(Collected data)
(* Let $C>0$. There exist $\epsilon_0>0$ and $q_0$, depending only on $C$ and $\Gamma$, such that for every prime $q\geq q_0$, every $0<h\leq1$, every $j\in\{1,\dots,2p\}$, every $z\in\mathcal D_j$, every $n\leq\epsilon_0(\log q+\log h^{-1})$ and all $\alpha,\beta\in\mathscr W_n^j$: if $\gamma_\alpha\equiv\gamma_\beta\bmod q$ and $|\gamma_\alpha(z)-\gamma_\beta(z)|\leq Ch$, then $\alpha=\beta$.
   Context: Schottky setup: $\Gamma\subset PSL_2(\mathbb Z)$ is a non-elementary convex co-compact subgroup realized as a Schottky group: there are open Euclidean discs $\mathcal D_1,\dots,\mathcal D_{2p}\subset\mathbb C$ with centers on $\mathbb R$ and pairwise disjoint closures, and matrices $\gamma_1,\dots,\gamma_p\in SL_2(\mathbb Z)$ acting as Möbius maps with $\gamma_i(\mathcal D_i)=\widehat{\mathbb C}\setminus\overline{\mathcal D_{p+i}}$; $\Gamma$ is the free group they generate. Put $\gamma_{p+i}=\gamma_i^{-1}$ (indices mod $2p$). Let $\mathscr W_n$ be the set of $\alpha=(\alpha_1,\dots,\alpha_n)\in\{1,\dots,2p\}^n$ with $\alpha_{i+1}\neq\alpha_i+p\pmod{2p}$ for all $i$, $\mathscr W_n^j=\{\alpha\in\mathscr W_n:\alpha_n\neq j\}$, and $\gamma_\alpha=\gamma_{\alpha_1}\cdots\gamma_{\alpha_n}$, viewed both as a matrix in $SL_2(\mathbb Z)$ and as a Möbius map. *)

From Stdlib Require Import Reals ZArith Znumtheory List Lia.
Import ListNotations.
Open Scope R_scope.

Definition Cx := (R * R)%type.
Definition Cadd (z w : Cx) : Cx := (fst z + fst w, snd z + snd w).
Definition Cmul (z w : Cx) : Cx :=
  (fst z * fst w - snd z * snd w, fst z * snd w + snd z * fst w).
Definition Cinv (z : Cx) : Cx :=
  let n := fst z * fst z + snd z * snd z in (fst z / n, - snd z / n).
Definition Cdiv (z w : Cx) : Cx := Cmul z (Cinv w).
Definition Cofr (x : R) : Cx := (x, 0).
Definition Cabs (z : Cx) : R := sqrt (fst z * fst z + snd z * snd z).
Definition Cdist (z w : Cx) : R := Cabs (Cadd z (Cmul (Cofr (-1)) w)).
Lemma exists_conf_subst : exists F : R -> R,
  slopes_in m M (conf_var alpha a) (conf_var alpha b) F /\ (forall u, continuous F u) /\
  forall t, a <= t <= b -> F (conf_var alpha t) = f t.
Proof.
  exists (fun u => f (clamp a b (conf_var_inv alpha u))). split; [| split].
  - intros u v Hu Huv Hv.
    assert (HA : 0 <= conf_var alpha a)
      by (apply Rdiv_le_0_compat; [apply rpow_ge0 | exact Halpha]).
    assert (Hau : a <= conf_var_inv alpha u).
    { rewrite <- (conf_var_inv_conf_var alpha a) by assumption. apply conf_var_inv_le; lra. }
    assert (Huv' : conf_var_inv alpha u <= conf_var_inv alpha v)
      by (apply conf_var_inv_le; lra).
    assert (Hvb : conf_var_inv alpha v <= b).
    { rewrite <- (conf_var_inv_conf_var alpha b) by lra. apply conf_var_inv_le; lra. }
    rewrite !clamp_id by lra.
    pose proof (conf_increment_bounds _ _ (conj Hau Huv') Hvb) as Hinc.
    rewrite !conf_var_conf_var_inv in Hinc by lra. exact Hinc.
  - intros u. apply (continuous_comp (conf_var_inv alpha) (fun t => f (clamp a b t))).
    + apply continuous_conf_var_inv, Halpha.
    + apply continuous_conf_clamp.
  - intros t Ht. rewrite conf_var_inv_conf_var, clamp_id by lra. reflexivity.
Qed.

End ConformableMeanValue.

Lemma is_RInt_gen_at_right (h G : R -> R) (a b : R) : a < b -> continuous G a ->
  (forall x, a < x < b -> is_RInt h x b (G b - G x)) ->
  is_RInt_gen h (at_right a) (at_point b) (G b - G a).
Proof.
  intros Hab HG Hh P [eps Heps].
  destruct (proj1 (filterlim_locally G (G a)) HG eps) as [d Hd].
  apply Filter_prod with (fun x => a < x < b /\ ball a d x) (fun y => y = b).
  - assert (Hd' : 0 < Rmin d (b - a)) by (apply Rmin_glb_lt; [apply cond_pos | lra]).
    exists (mkposreal _ Hd'). intros y Hy Hay. rewrite ball_R in Hy. simpl in Hy.
    assert (Hy1 : Rabs (y - a) < d) by (eapply Rlt_le_trans; [exact Hy | apply Rmin_l]).
    assert (Hy2 : Rabs (y - a) < b - a) by (eapply Rlt_le_trans; [exact Hy | apply Rmin_r]).
    apply Rabs_lt_between in Hy2. rewrite ball_R. split; [lra | exact Hy1].
  - reflexivity.
  - intros x y [Hx Hxd] ->. exists (G b - G x). split; [apply Hh, Hx |].
    apply Heps. specialize (Hd x Hxd). rewrite ball_R in Hd |- *.
    replace (G b - G x - (G b - G a)) with (- (G x - G a)) by ring.
    rewrite Rabs_Ropp. exact Hd.
Qed.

**What you are asked to do**
Every line of the data that includes the word "split" should be copied.

**Reply**
  exists (fun u => f (clamp a b (conf_var_inv alpha u))). split; [| split].
    apply Rabs_lt_between in Hy2. rewrite ball_R. split; [lra | exact Hy1].
  - intros x y [Hx Hxd] ->. exists (G b - G x). split; [apply Hh, Hx |].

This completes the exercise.